━━ The data ━━

Lemma height_of_pasmK : height_of_pasm pasm_of_height = h.
Proof.
apply/matrixP => i j; rewrite mxE hgt_ord (hgt_vdescent_sum (ltn_ord i) (ltn_ord j)).
by congr (_ - 2 * _); apply: eq_psum => i'; exact: pasm_of_height_row (ltn_ord j).
Qed.

End PasmOfHeight.

Lemma vdescent_height_of_pasm m n (A : 'M[int]_(m, n)) (i : 'I_m) k : is_pasm A ->
  (k <= n)%N -> vdescent (height_of_pasm A) i k = row_tail_sum A i k.
Proof.
move=> pasmA le_kn; have [_ row01] := (is_pasmE A).1 pasmA.
have lt_im := ltn_ord i; rewrite /vdescent /descent /hgt !mxE !inordK; try lia.
rewrite /corner_sum (psumS _ i).
have : row_tail_sum A i k \in [:: 0; 1] := row01 i k le_kn.
by rewrite !inE => /orP[] /eqP ->; case: ltP; lia.
Qed.

Lemma pasm_of_heightK m n (A : 'M[int]_(m, n)) :
  is_pasm A -> pasm_of_height (height_of_pasm A) = A.
Proof.
move=> pasmA; apply/matrixP => i j.
rewrite mxE !vdescent_height_of_pasm //; last exact: ltnW.
by rewrite /row_tail_sum psumS rev_ordK addrC addKr.
Qed.

Lemma sval_inj T (P : T -> Prop) : injective (@sval T P).
Proof. exact: eq_sig_hprop (fun x => @proof_irrelevance (P x)). Qed.

Theorem lemma3p10 (m n : nat) (hm : (0 < m)%N) (hn : (0 < n)%N) :
  exists f : {A : 'M[int]_(m, n) | is_pasm A} ->
             {h : 'M[int]_(m.+1, n.+1) | is_phf h},
    bijective f.
Proof.
exists (fun A => exist _ (height_of_pasm (sval A)) (height_of_pasm_phf (svalP A))).
exists (fun h => exist _ (pasm_of_height (sval h)) (pasm_of_height_pasm (svalP h))).
  by move=> A; apply: sval_inj; exact: pasm_of_heightK (svalP A).
by move=> h; apply: sval_inj; exact: height_of_pasmK (svalP h).
Qed.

━━━

Task objective
When a line in the records holds the string "matrixP", copy that line.

Result of this task
apply/matrixP => i j; rewrite mxE hgt_ord (hgt_vdescent_sum (ltn_ord i) (ltn_ord j)).
move=> pasmA; apply/matrixP => i j.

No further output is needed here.